While some of these projects seem to be one-time efforts, they often need to be written with some care. In many cases, a notebook will need to be reused when there’s a problem. It helps to provide adequate explanations and test cases to help refresh someone’s memory on details of the data and what are known problem areas. Additionally, notebooks may serve as examples for test cases and the design of Python classes or functions to automate cleaning, validating, or standardizing data.

After a detailed inspection, we can then build applications to automate cleaning, validating, and normalizing the values. The next batch of projects will address this stage of the pipeline.

2.4 Clean, validate, standardize, and persist

Once the data is understood in a general sense, it makes sense to write applications to clean up any serialization problems, and perform more formal tests to be sure the data really is valid. One frustratingly common problem is receiving duplicate files of data; this can happen when scheduled processing was disrupted somewhere else in the enterprise, and a previous period’s files were reused for analysis.

The validation testing is sometimes part of cleaning. If the data contains any unexpected invalid values, it may be necessary to reject it. In other cases, known problems can be resolved as part of analytics by replacing invalid data with valid data. An example of this is US Postal Codes, which are (sometimes) translated into numbers, and the leading zeros are lost.

These stages in the data analysis pipeline are described by a number of projects:

  • Project 3.1: ”Clean Data”. This builds the data cleaning base application. The design details can come from the data inspection notebooks.

  • Project 3.2: ”Clean and Validate”. These features will validate and convert numeric fields.

  • Project 3.3: ”Clean and Validate Text and Codes”. The validation of text fields and numeric coded fields requires somewhat more complex designs.

  • Project 3.4: ”Clean and Validate References”. When data arrives from separate sources, it is essential to validate references among those sources.

  • Project 3.5: ”Standardize Data”. Some data sources require standardizing to create common codes and ranges.

  • Project 3.6: ”Acquire and Clean Pipeline”. It’s often helpful to integrate the acquisition, cleaning, validating, and standardizing into a single pipeline.

  • Project 3.7: ”Acquire, Clean, and Save”. One key architectural feature of this pipeline is saving intermediate files in a common format, distinct from the data sources.

  • Project 3.8: ”Data Provider Web Service”. In many enterprises, an internal web service and API are expected as sources for analytic data.
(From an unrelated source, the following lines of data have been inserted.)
Theorem mainTheorem10 (r : nat -> nat) (hr : strictly_increasing r)
  (hcp : congruence_periodic r) (hsp : sparse r)
  (d : nat) (hd : (0 < d)%N) (N : nat) (n : nat) (hn : (0 < n)%N)
  (A B : nat -> op) :
  exists Delta0 : nat, forall Delta : nat, (d %| Delta)%N -> (Delta0 <= Delta)%N ->
  forall (x y1 y2 : int) (u v : nat -> option nat),
    (forall i, (i < n)%N -> forall e, u i = Some e -> inRt_elt r N d e) ->
    (forall i, (i < n)%N -> forall e, v i = Some e -> inRt_elt r N d e) ->
    (exists z, inRnD r N d Delta n z /\ dagger r n A B x y1 y2 u v z) ->
    (v 0%N = None /\
       ((op_eq0 r (A 0%N) /\ op_pos r (B 0%N)) \/ (op_neg r (A 0%N) /\ op_eq0 r (B 0%N))))
    \/
    (exists z, inRnD r N d Delta n z /\ dagger r n A B x y1 y2 u v z /\
       ((exists i, (i < n)%N /\ r (z i) = r ((if i.+1 == n then N else z i.+1) + Delta)%N)
        \/ (exists i, (i < n)%N /\ (u i = Some (r (z i)) \/ v i = Some (r (z i))))
        \/ ((forall i, (i < n)%N -> ~ op_eq0 r (A i) /\ ~ op_eq0 r (B i)) /\
            dot_inj r Delta n A /\ dot_inj r Delta n (fun i => opp_op (B i)) /\
            (isP r N d Delta n A (x - y1) z \/
             isP r N d Delta n (fun i => opp_op (B i)) (y2 - x) z)))).
Proof.
have [KA hKA] := trend_uniform hr hsp n A; have [KB hKB] := trend_uniform hr hsp n B.
have [[i [hi h0]]|hnz] := classic (exists i, (i < n)%N /\ (op_eq0 r (A i) \/ op_eq0 r (B i))).
  exists (KA + KB) => D hdD hD x y1 y2 u v hu hv [z hz].
  have [hAD hBD] : (KA <= D)%N /\ (KB <= D)%N by lia.
  have [hexc|[w [[hw hdw] ht]]] :=
    zero_operator_case hr hd hdD hi hu hv (hKA D hAD i hi) (hKB D hBD i hi) h0 hz.
    by left.
  by right; exists w; do 2 split=> //; case: ht; [left|right; left].
have hnzA i : (i < n)%N -> ~ op_eq0 r (A i) by move=> hi h; apply: hnz; exists i; split=> //; left.
have hnzB i : (i < n)%N -> ~ op_eq0 r (B i) by move=> hi h; apply: hnz; exists i; split=> //; right.
have [TA hTA] := lex_dominant_eventually hr hsp hnzA.
have [TB hTB] := lex_dominant_eventually hr hsp (fun i hi => op_neq0_opp (hnzB i hi)).
exists (KA + KB + TA + TB) => D hdD hD x y1 y2 u v hu _ [z hz].
have hn1 : (n.-1 < n)%N by rewrite prednK.
have [hAD hBD hTAD hTBD] : [/\ KA <= D, KB <= D, TA <= D & TB <= D]%N by split; lia.
have hmA := trend_monotone (hnzA _ hn1) (hKA D hAD _ hn1).
have hmB := monotone_from_opp (trend_monotone (hnzB _ hn1) (hKB D hBD _ hn1)).
have [w [[hw hdw] hcase]] :=
  nonzero_operator_case hr hd hdD hn hu (hTA D hTAD) (hTB D hTBD) hmA hmB hz.
right; exists w; do 2 split=> //.
case: hcase => [[hI|hII]|hP]; [by left|by right; left|right; right].
split=> [i hi|]; first by split; [exact: hnzA|exact: hnzB].
split; first exact: lex_dominant_dot_inj (hTA D hTAD).
by split; first exact: lex_dominant_dot_inj (hTB D hTBD).
Qed.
This project will wrap the data acquisition pipeline into a RESTful web service.

In these projects, we’ll transform the text values from the acquisition applications into more useful Python objects like integers, floating-point values, decimal values, and date-time values.

Once the data is cleaned and validated, the exploration can continue. The first step is to summarize the data, again, using a Jupyter notebook to create readable, publishable reports and presentations. The next chapters will explore the work of summarizing data.

2.5 Summarize and analyze

Summarizing data in a useful form is more art than technology. It can be difficult to know how best to present information to people to help them make more valuable, or helpful decisions.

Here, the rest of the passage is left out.